__The input__:
Lemma admissible_cond (c : SN) :
  admissible U F W c <-> forall i, admissible_U i c \/ admissible_F i c.
Proof.
split.
  case=> c0 c_step c_W [[_|[[s k] M]]|[s m]] /=; first by left.
    have [sM_c|] := pselect (cylinder (CodeSeq.code s :: M) c); [left|by right].
    have cs : c (CodeSeq.code s) by apply: sM_c; exact: mem_head.
    have [t [st ct t_U t_W]] := c_step s (maxn k (\max_(m <- M) m)) cs.
    exists t => //; split => // [n nk|m mM]; first by apply: t_U; rewrite leq_max nk.
    apply: t_W; last by apply: sM_c; rewrite inE mM orbT.
    exact: leq_trans (leq_bigmax_seq (F := id) m mM isT) (leq_maxr _ _).
  have [Wms|nW] := pselect (W m (pt_of_seq s)); last by left.
  have [cs|ncs] := pselect (c (CodeSeq.code s)); first by left => _; exact: c_W cs Wms.
  by right => /(_ Wms) /ncs.
move=> cond; split.
- by case: (cond (inl (inl tt))).
- move=> s k cs; pose M := [seq m <- iota 0 k.+1 | c m].
  case: (cond (inl (inr (s, k, M)))) => /= [[t [st t_U t_W] ct]|nsM]; last first.
    exfalso; apply: nsM => i; rewrite inE => /orP[/eqP -> //|].
    by rewrite mem_filter => /andP[].
  exists t; split => // m mk cm; apply: t_W.
  by rewrite mem_filter cm mem_iota /= add0n ltnS.
- move=> s m cs Wms; case: (cond (inr (s, m))) => /=; first exact.
  by move=> /(_ (fun=> cs)).
Qed.

Lemma admissible_Pi02 : Pi02 [set c : SN | admissible U F W c].
Proof.
exact: Pi02_bigcap admissible_U_open admissible_F_closed admissible_cond.
Qed.

End AdmissiblePi02.

Section QuasiPolishQuotient.
Variables (X : topologicalType) (E : equiv_rel X).
Hypothesis saturation_open : forall U : set X, open U -> open (saturation E U).
Variables (h : X -> SN) (U F : nat -> set SN).
Hypothesis U_open : forall n, open (U n).
Hypothesis F_closed : forall n, closed (F n).
Hypothesis h_range : range h = \bigcap_n (U n `|` F n).
Hypothesis h_open : forall V : set X, open V <-> exists2 O, open O & V = h @^-1` O.

Local Notation Y := (sep_quotient E).
Local Notation p := (@sep_proj X E).

Definition basic (n : nat) : set Y := p @` (h @^-1` cylinder (CodeSeq.decode n)).

Local Notation code := (code_of basic).

Lemma basic_code (s : seq nat) : basic (CodeSeq.code s) = p @` (h @^-1` cylinder s).
Proof. by rewrite /basic CodeSeq.codeK. Qed.
Lemma powsum_eq0 (K : fieldType) (V : lmodType K) (n : nat) (v : nat -> V) :
  [pchar K] =i pred0 ->
  (forall t : K, t != 0 -> \sum_(0 <= d < n) t ^+ d *: v d = 0) ->
  forall d, (d < n)%N -> v d = 0.
Proof.
move=> /pcharf0P natf0; elim: n v => [//|n IHn] v vanish.
have two_neq0 : (2 : K) != 0 by rewrite natf0.
(* Comparing the values at [t] and [2 t] eliminates the top coefficient. *)
have low d : (d < n)%N -> v d = 0.
  have scaled : forall d, (d < n)%N -> (2 ^+ n - 2 ^+ d) *: v d = 0.
    apply: IHn => t t_neq0.
    have := vanish (2 * t) (mulf_neq0 two_neq0 t_neq0).
    have := vanish t t_neq0.
    rewrite !big_nat_recr //= => vt v2t.
    transitivity (2 ^+ n *: (\sum_(0 <= i < n) t ^+ i *: v i + t ^+ n *: v n)
      - (\sum_(0 <= i < n) (2 * t) ^+ i *: v i + (2 * t) ^+ n *: v n));
      last by rewrite vt v2t scaler0 subr0.
    rewrite scalerDr scaler_sumr opprD addrACA -sumrB exprMn scalerA subrr addr0.
    by apply: eq_bigr => i _; rewrite exprMn !scalerA -scalerBl mulrBr !(mulrC (t ^+ i)).
  move=> ltdn; have : (2 ^+ n - 2 ^+ d : K) != 0.
    rewrite -!natrX -natrB; last by rewrite leq_exp2l // ltnW.
    by rewrite natf0 subn_eq0 leq_exp2l // -ltnNge.
  by move=> neq0; apply: (scalerI neq0); rewrite scaled ?scaler0.
move=> d; rewrite ltnS leq_eqVlt => /orP[/eqP -> | /low //].
have := vanish 1 (oner_neq0 K); rewrite big_nat_recr //= big1_seq ?add0r ?expr1n ?scale1r //.
by move=> i; rewrite mem_index_iota => /andP[_ /low ->]; rewrite scaler0.
Qed.

Section Trilinear.
Variables (K : fieldType) (V : lmodType K).
Implicit Types A B : V -> V -> V -> V.

Definition trilinear A :=
  [/\ forall b c, linear (fun a => A a b c),
      forall a c, linear (fun b => A a b c) & forall a b, linear (A a b)].

Lemma circ11_suml I (r : seq I) (F : I -> V -> V -> V -> V) B a b c d x :
  circ11 (fun a b c => \sum_(i <- r) F i a b c) B a b c d x
  = \sum_(i <- r) circ11 (F i) B a b c d x.
Proof. by rewrite /circ11 -!big_split -sumrB. Qed.

Lemma circ11_sumr I (r : seq I) (F : I -> V -> V -> V -> V) A a b c d x :
  trilinear A ->
  circ11 A (fun a b c => \sum_(i <- r) F i a b c) a b c d x
  = \sum_(i <- r) circ11 A (F i) a b c d x.
Proof.
case=> A1 A2 A3; rewrite /circ11 (lin_sum (A1 d x)) (lin_sum (A2 c x)).
by rewrite (lin_sum (A3 a b)) (lin_sum (A3 c d)) -!big_split -sumrB.
Qed.
Lemma is_derive_evolution_mulmx {k} {Z G : R -> 'M[R]_(n, k)} {s : R} t :
  is_derive s (1:R) Z (A s *m Z s + G s) ->
  is_derive s (1:R) (fun u => T t u *m Z u) (T t s *m G s).
Proof.
have [T1 dT] := evT; move=> dZ; apply/is_derive_quotientP.
have -> : (fun h => h^-1 *: (T t (h + s) *m Z (h + s) - T t s *m Z s)) =
    (fun h => T t (h + s) *m (h^-1 *: (Z (h + s) - Z s) -
                              (h^-1 *: (T (h + s) s - T s s)) *m Z s)).
  apply/funext => h; rewrite -scalemxAl -scalerBr -scalemxAr T1 mulmxBl mul1mx.
  rewrite opprB addrA subrK mulmxBr mulmxA evolution_cocycle.
  by rewrite -(evolution_cocycle t (h + s) s) -mulmxA.
have -> : T t s *m G s = T t s *m ((A s *m Z s + G s) - (A s *m T s s) *m Z s).
  by rewrite T1 mulmx1 addrC addKr.
apply: cvg_mulmx; first exact: cvg_evolution_initial.
apply: cvgB; first exact/is_derive_quotientP.
by apply: cvg_mulmx; [exact/is_derive_quotientP | exact: cvg_cst].
Qed.

End evolution_operator.

Section powR_facts.
Context {R : realType}.

Lemma powRNV (x p : R) : 0 < x -> x `^ (- p) = x^-1 `^ p.
Proof. by move=> x0; rewrite /powR !gt_eqF ?invr_gt0 // lnV ?posrE // mulrN mulNr. Qed.
(* Let $K$ be a skew field with center $P$ and an involution, $\mathcal C$ a linear category over $P$ with involution, and $A$ a selfadjoint, direct-sum-indecomposable representation of $\mathcal C$ over $K$. Then $A$ is congruent to a representation $B^f$, where $B\in\operatorname{ind}_0(\mathcal C)$ and $f=f^\circ\in\operatorname{Aut}(B)$.
   Context: $K$ has an involution $a\mapsto\bar a$. Linear category over $P$: $P$-vector-space Hom sets, bilinear composition; involution on it: $u\mapsto u^*$, $(\alpha:u\to v)\mapsto(\alpha^*:v^*\to u^* )$, $u^{**}=u\ne u^*$, $\alpha^{**}=\alpha$, $(\alpha\beta)^*=\beta^*\alpha^*$, $(\alpha a)^*=\alpha^*\bar a$. Representations: functors to finite-dimensional right $K$-spaces, finite total dimension, preserving $P$-linear combinations; morphisms: natural transformations. $V^*$: semilinear forms, $A^*\varphi=\varphi A$, $V^{**}=V$. $A^\circ_u=(A_{u^*})^*$, $A^\circ_\alpha=(A_{\alpha^*})^*$, $f^\circ_u=(f_{u^*})^*$. Selfadjoint: $A=A^\circ$; congruence: isomorphism $\varphi$ of selfadjoint representations with $\varphi^\circ=\varphi^{-1}$. Fix a partition of objects into $S_0$, $S_0^*$. For selfadjoint $B$ and automorphism $f=f^\circ$: $\tilde f_v=f_v$, $\tilde f_{v^*}=1$ ($v\in S_0$), $B^f_v=B_v$, $B^f_\alpha=\tilde f_v^{-1}B_\alpha\tilde f_u$ for $\alpha:u\to v$. $\operatorname{ind}_0(\mathcal C)$: from a complete set of pairwise nonisomorphic indecomposable representations, take those isomorphic to a selfadjoint representation, each replaced by a selfadjoint representation isomorphic to it. *)

From HB Require Import structures.
From mathcomp Require Import all_boot all_algebra.
Set Implicit Arguments. Unset Strict Implicit. Unset Printing Implicit Defensive.
Import GRing.Theory.
Local Open Scope ring_scope.

Definition skew_field (K : unitRingType) : Prop :=
  (1 : K) != 0 /\ forall x : K, x != 0 -> x \is a GRing.unit.

Definition is_involution (K : unitRingType) (cj : K -> K) : Prop :=
  [/\ forall x y, cj (x + y) = cj x + cj y,
      forall x y, cj (x * y) = cj y * cj x &
      forall x, cj (cj x) = x].

Definition central (K : unitRingType) (a : K) : Prop := forall y : K, a * y = y * a.

(* Scalars of P act on Hom-sets via [hsc]; only central scalars matter:
   every axiom/usage of [hsc] is restricted to central elements. *)
Record LinCatInv (K : unitRingType) := {
  Ob : Type;
  Hom : Ob -> Ob -> zmodType;
  hsc : forall u v, Hom u v -> K -> Hom u v;
  comp : forall u v w, Hom v w -> Hom u v -> Hom u w;
  idm : forall u, Hom u u;
  ostar : Ob -> Ob;
  mstar : forall u v, Hom u v -> Hom (ostar v) (ostar u)
}.

Arguments Ob {K} l.
Arguments Hom {K} l.
Arguments hsc {K} l {u v}.
Arguments comp {K} l {u v w}.
Arguments idm {K} l u.
Arguments ostar {K} l.
Arguments mstar {K} l {u v}.

Definition is_lincatinv (K : unitRingType) (cj : K -> K) (C : LinCatInv K) : Prop :=
  (forall u v (x y : Hom C u v) a, central a -> hsc C (x + y) a = hsc C x a + hsc C y a) /\
  (forall u v (x : Hom C u v) a b, central a -> central b ->
      hsc C x (a + b) = hsc C x a + hsc C x b) /\
  (forall u v (x : Hom C u v) a b, central a -> central b ->
      hsc C (hsc C x a) b = hsc C x (a * b)) /\
  (forall u v (x : Hom C u v), hsc C x 1 = x) /\
  (forall u v w z (x : Hom C w z) (y : Hom C v w) (t : Hom C u v),
      comp C x (comp C y t) = comp C (comp C x y) t) /\
  (forall u v (x : Hom C u v), comp C (idm C v) x = x /\ comp C x (idm C u) = x) /\
  (forall u v w (x x' : Hom C v w) (y : Hom C u v), comp C (x + x') y = comp C x y + comp C x' y) /\
  (forall u v w (x : Hom C v w) (y y' : Hom C u v), comp C x (y + y') = comp C x y + comp C x y') /\
  (forall u v w (x : Hom C v w) (y : Hom C u v) a, central a ->
      comp C (hsc C x a) y = hsc C (comp C x y) a /\ comp C x (hsc C y a) = hsc C (comp C x y) a) /\
  (forall u, ostar C (ostar C u) = u) /\
  (forall u, ostar C u <> u) /\
  (forall u v (x y : Hom C u v), mstar C (x + y) = mstar C x + mstar C y) /\
  (forall u v (x : Hom C u v) a, central a -> mstar C (hsc C x a) = hsc C (mstar C x) (cj a)) /\
  (forall u v w (x : Hom C v w) (y : Hom C u v), mstar C (comp C x y) = comp C (mstar C y) (mstar C x)) /\
  (* alpha^** = alpha (as a dependent equality, since u^** = u only propositionally) *)
  (forall u v (x : Hom C u v),
      existT (fun p : Ob C * Ob C => (Hom C p.1 p.2 : Type))
             (ostar C (ostar C u), ostar C (ostar C v)) (mstar C (mstar C x))
      = existT (fun p : Ob C * Ob C => (Hom C p.1 p.2 : Type)) (u, v) x).

(* ---------- representations (in coordinates: V_u = K^(dim u), columns;
   linear maps K^n -> K^m of right K-spaces = m x n matrices acting on the left) *)
Record rep (K : unitRingType) (C : LinCatInv K) := Rep {
  rdim : Ob C -> nat;
  rmat : forall u v, Hom C u v -> 'M[K]_(rdim v, rdim u)
}.
Arguments rdim {K C}.
Arguments rmat {K C} r {u v}.

Definition is_rep (K : unitRingType) (C : LinCatInv K) (A : rep C) : Prop :=
  (exists (n : nat) (g : 'I_n -> Ob C), forall u, (0 < rdim A u)%N -> exists i, g i = u) /\
  (forall u v w (x : Hom C v w) (y : Hom C u v), rmat A (comp C x y) = rmat A x *m rmat A y) /\
  (forall u, rmat A (idm C u) = 1%:M) /\
  (forall u v (x y : Hom C u v), rmat A (x + y) = rmat A x + rmat A y) /\
  (forall u v (x : Hom C u v) a, central a -> rmat A (hsc C x a) = rmat A x *m a%:M).

Definition is_morph (K : unitRingType) (C : LinCatInv K) (A B : rep C)
    (f : forall u, 'M[K]_(rdim B u, rdim A u)) : Prop :=
  forall u v (x : Hom C u v), f v *m rmat A x = rmat B x *m f u.

Arguments is_morph {K C} A B f.

Definition are_inverse (K : unitRingType) (C : LinCatInv K) (A B : rep C)
    (f : forall u, 'M[K]_(rdim B u, rdim A u)) (g : forall u, 'M[K]_(rdim A u, rdim B u)) : Prop :=
  forall u, f u *m g u = 1%:M /\ g u *m f u = 1%:M.

Arguments are_inverse {K C A B} f g.

Definition iso (K : unitRingType) (C : LinCatInv K) (A B : rep C) : Prop :=
  exists f g, is_morph A B f /\ are_inverse f g.

Arguments iso {K C} A B.

Definition dsum (K : unitRingType) (C : LinCatInv K) (A B : rep C) : rep C :=
  @Rep K C (fun u => (rdim A u + rdim B u)%N)
    (fun u v x => block_mx (rmat A x) 0 0 (rmat B x)).

Arguments dsum {K C} A B.

Definition nonzero (K : unitRingType) (C : LinCatInv K) (A : rep C) : Prop :=
  exists u, (0 < rdim A u)%N.

Arguments nonzero {K C} A.

Definition indecomposable (K : unitRingType) (C : LinCatInv K) (A : rep C) : Prop :=
  is_rep A /\ nonzero A /\
  forall B1 B2 : rep C, is_rep B1 -> is_rep B2 -> nonzero B1 -> nonzero B2 ->
    ~ iso A (dsum B1 B2).

Arguments indecomposable {K C} A.
Arguments is_rep {K C} A.

(* ---------- duality: the dual of a matrix is its conjugate transpose ---------- *)
Definition adj (K : unitRingType) (cj : K -> K) m n (M : 'M[K]_(m, n)) : 'M[K]_(n, m) :=
  \matrix_(i, j) cj (M j i).

Definition mget (K : unitRingType) m n (M : 'M[K]_(m, n)) (i j : nat) : K :=
  match (insub i : option 'I_m), (insub j : option 'I_n) with
  | Some i', Some j' => M i' j'
  | _, _ => 0
  end.

Definition mxeq (K : unitRingType) m n m' n' (M : 'M[K]_(m, n)) (N : 'M[K]_(m', n')) : Prop :=
  m = m' /\ n = n' /\ forall i j : nat, mget M i j = mget N i j.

__Task to carry out__: Taking the listing above as the source, transcribe only the lines starting at the line with "- move=> s k" and going through the line with "by move=> /(_ (fun=> cs)).", unaltered and with both ends included.

__Solution for this exercise__:
- move=> s k cs; pose M := [seq m <- iota 0 k.+1 | c m].
  case: (cond (inl (inr (s, k, M)))) => /= [[t [st t_U t_W] ct]|nsM]; last first.
    exfalso; apply: nsM => i; rewrite inE => /orP[/eqP -> //|].
    by rewrite mem_filter => /andP[].
  exists t; split => // m mk cm; apply: t_W.
  by rewrite mem_filter cm mem_iota /= add0n ltnS.
- move=> s m cs Wms; case: (cond (inr (s, m))) => /=; first exact.
  by move=> /(_ (fun=> cs)).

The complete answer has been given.